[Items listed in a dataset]

(* With N = 4 M E (E = 2^(al-ga-2), using ga < al - 1) and P = D M (D = 2^(ga-si)),
   C(sN, 2) = -sM (mod P) reads s M (1 + 2 E (sN - 1)) = 0 (mod D M); the second factor
   is odd, so D divides s and 2^al = D N divides g. *)
Lemma choose2_lattice_eq0 g : g < 2 ^ al ->
  lat_equiv N M P (Z.of_nat g, Z.of_nat (choose2 g)) (0, 0)%Z -> g = 0.
Proof.
  intros g_lt (s & t & Hg & Ht). cbn [fst snd] in Hg, Ht.
  set (E := zpow2 (al - ga - 2)).
  assert (HN : N = (M * (4 * E))%Z).
  { rewrite <- (zpow2_mul si (al - ga) (al + si - ga)), <- (zpow2_mul 2 (al - ga - 2) (al - ga))
      by lia. reflexivity. }
  assert (HP : P = (zpow2 (ga - si) * M)%Z) by (apply eq_sym, zpow2_mul; lia).
  assert (HA : zpow2 al = (zpow2 (ga - si) * N)%Z) by (apply eq_sym, zpow2_mul; lia).
  pose proof (double_choose2_Z g) as Hc. rewrite Ht, Hg in Hc.
  assert (Hsu : (s * (1 + 2 * (E * (s * N - 1))) = t * zpow2 (ga - si))%Z).
  { apply (Z.mul_reg_l _ _ M); [pose proof (zpow2_gt0 si); lia|].
    rewrite HP in Hc. rewrite HN in Hc |- *. lia. }
  destruct (zpow2_dvd_odd (ga - si) s (1 + 2 * (E * (s * N - 1)))) as [m Hm].
  - now rewrite Z.odd_add_mul_2.
  - exists t. exact Hsu.
  - assert (Hgm : Z.of_nat g = (m * zpow2 al)%Z) by (rewrite HA, Hg, Hm; ring).
    assert (Hlt : (0 <= m * zpow2 al < zpow2 al)%Z) by (unfold zpow2 in *; lia).
    pose proof (zpow2_gt0 al). assert (m = 0)%Z by nia. subst m. lia.
Qed.

Lemma A_mulC (u v : A) : u ** v = v ** u.
Proof.
  destruct u as [i w], v as [i' w'].
  change ((i ** i', w ** w') = (i' ** i, w' ** w)).
  now rewrite cyc_mulC, lat_mulC.
Qed.

Lemma zval_cyc1 : zval (cyc_mk _ _ 1) = 1%Z.
Proof.
  unfold zval. rewrite cyc_val_mk, Nat.mod_small; [reflexivity|].
  apply (Nat.pow_lt_mono_r 2 0 al); lia.
Qed.

Lemma central_K_fst (k : K) : central k -> fst k = gone.
Proof.
  destruct k as [g w]. intro Hk. cbn [fst].
  set (u := (cyc_mk (2 ^ al) (pow2_neq0 al) 1, gone) : A).
  assert (Hu : phi_iter A twist (cyc_val _ _ g) u = u).
  { specialize (Hk (gone, u)). rewrite !sd_mulE, cyc_val1, phi_iter0, A_mulC in Hk.
    apply (f_equal snd), mulIg in Hk. now symmetry. }
  unfold u in Hu. rewrite lat_one, twist_iter, zval_cyc1 in Hu.
  apply (f_equal snd), lmk_inj in Hu. apply cyc_val_inj. rewrite cyc_val1.
  apply choose2_lattice_eq0.
  - rewrite al_eq_be. apply cyc_val_lt.
  - destruct Hu as (s & t & H1 & H2). exists s, t. cbn [fst snd] in *. lia.
Qed.

Lemma central_K_snd (k : K) : central k -> drop (snd k) = gone.
Proof.
  destruct k as [g w]. intro Hk. cbn [snd]. apply twist_fixed_iff.
  specialize (Hk (cyc1, gone)).
  rewrite !sd_mulE, yval_cyc1, (hom1 _ (phi_iter_hom _ _ twist_hom _)), !gmul1r, gmul1l in Hk.
  now apply (f_equal snd) in Hk.
Qed.

Lemma K_central_of (w : A) : drop w = gone -> central ((gone, w) : K).
Proof.
  intros Hw [g' w']. apply twist_fixed_iff in Hw.
  assert (Hiter : forall k, phi_iter A twist k w = w).
  { induction k; [reflexivity|]. simpl. now rewrite IHk. }
  rewrite !sd_mulE, Hiter, cyc_val1, phi_iter0, gmul1l, gmul1r. f_equal. apply A_mulC.
Qed.

Definition piK : K -> Q := sd_map (2 ^ be) (pow2_neq0 be) A L twist shear twist_hom twist_period
  shear_hom shear_period drop.

Lemma piK_hom : is_hom piK.
Proof. apply sd_map_hom; [exact drop_hom | exact drop_twist]. Qed.

Lemma piK_surj (q : Q) : exists k : K, piK k = q.
Proof.
  destruct q as [g w]. destruct (lval_nat w) as (p & r & Hw).
  exists (g, (cyc_mk (2 ^ al) (pow2_neq0 al) p, lmk (Z.of_nat r, 0%Z))).
  unfold piK, sd_map, drop. cbn [fst snd]. f_equal.
  rewrite <- (lmk_lval w), Hw. apply lmk_eq.
  destruct (lval_lmk (Z.of_nat r, 0%Z)) as (s & t & H1 & _). cbn [fst snd] in H1.
  unfold zval. rewrite cyc_val_mk.
  pose proof (f_equal Z.of_nat (Nat.div_mod p (2 ^ al) (pow2_neq0 al))) as Hp.
  rewrite Nat2Z.inj_add, Nat2Z.inj_mul in Hp.
  apply (lat_equiv_mod _ _ _ _ (- Z.of_nat (p / 2 ^ al)) s 0); unfold zpow2 in *; lia.
Qed.

Lemma piK_ker (k : K) : piK k = gone <-> central k.
Proof.
  destruct k as [g w]. split.
  - intro E. assert (Eg : g = gone) by exact (f_equal fst E).
    assert (Ew : drop w = gone) by exact (f_equal snd E).
    subst g. now apply K_central_of.
  - intro Hk. unfold piK, sd_map. cbn [fst snd].
    pose proof (central_K_fst _ Hk) as Eg. pose proof (central_K_snd _ Hk) as Ew.
    cbn [fst snd] in Eg, Ew. now rewrite Eg, Ew.
Qed.

Lemma Q_capable : capable Q.
Proof. exists K, piK. split; [exact piK_hom | split; [exact piK_surj | exact piK_ker]]. Qed.
End Sufficiency.

Lemma Q_capable_iff : capable Q <-> al = be /\ ga < be - 1.
Proof.
  split.
  - apply (capable_necessary al be ga si si_lt_ga ga2_le ga_lt_be Q xQ yQ Q_rels
      Q_normal_form yQ_half_neq1 cQ_half_neq1).
  - intros [Hab Hga]. exact (Q_capable Hab Hga).
Qed.
End ModelQ.

Theorem corollary6p2 (al be ga si : nat) (G : Grp) (a b : G) :
  be >= ga -> ga > si -> al + si >= 2 * ga -> al + be + si > 3 -> ga < be ->
  presents al be ga si G a b ->
  (capable G <-> (al = be /\ ga < be - 1)).
Proof.
  (* [be >= ga] and [al + be + si > 3] follow from the other hypotheses. *)
  intros _ si_lt_ga ga2_le _ ga_lt_be ab_presents.
  rewrite (presented_capable_iff al be ga si si_lt_ga ga2_le ga_lt_be G a b ab_presents).
  apply Q_capable_iff.
Qed.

→ **INSTRUCTIONS FOR THE TASK**: Search the records for the string "exists" and return every line in which it occurs.

→ **WRITTEN ANSWER**:
  - exists t. exact Hsu.
  - destruct Hu as (s & t & H1 & H2). exists s, t. cbn [fst snd] in *. lia.
Lemma piK_surj (q : Q) : exists k : K, piK k = q.
  exists (g, (cyc_mk (2 ^ al) (pow2_neq0 al) p, lmk (Z.of_nat r, 0%Z))).
Proof. exists K, piK. split; [exact piK_hom | split; [exact piK_surj | exact piK_ker]]. Qed.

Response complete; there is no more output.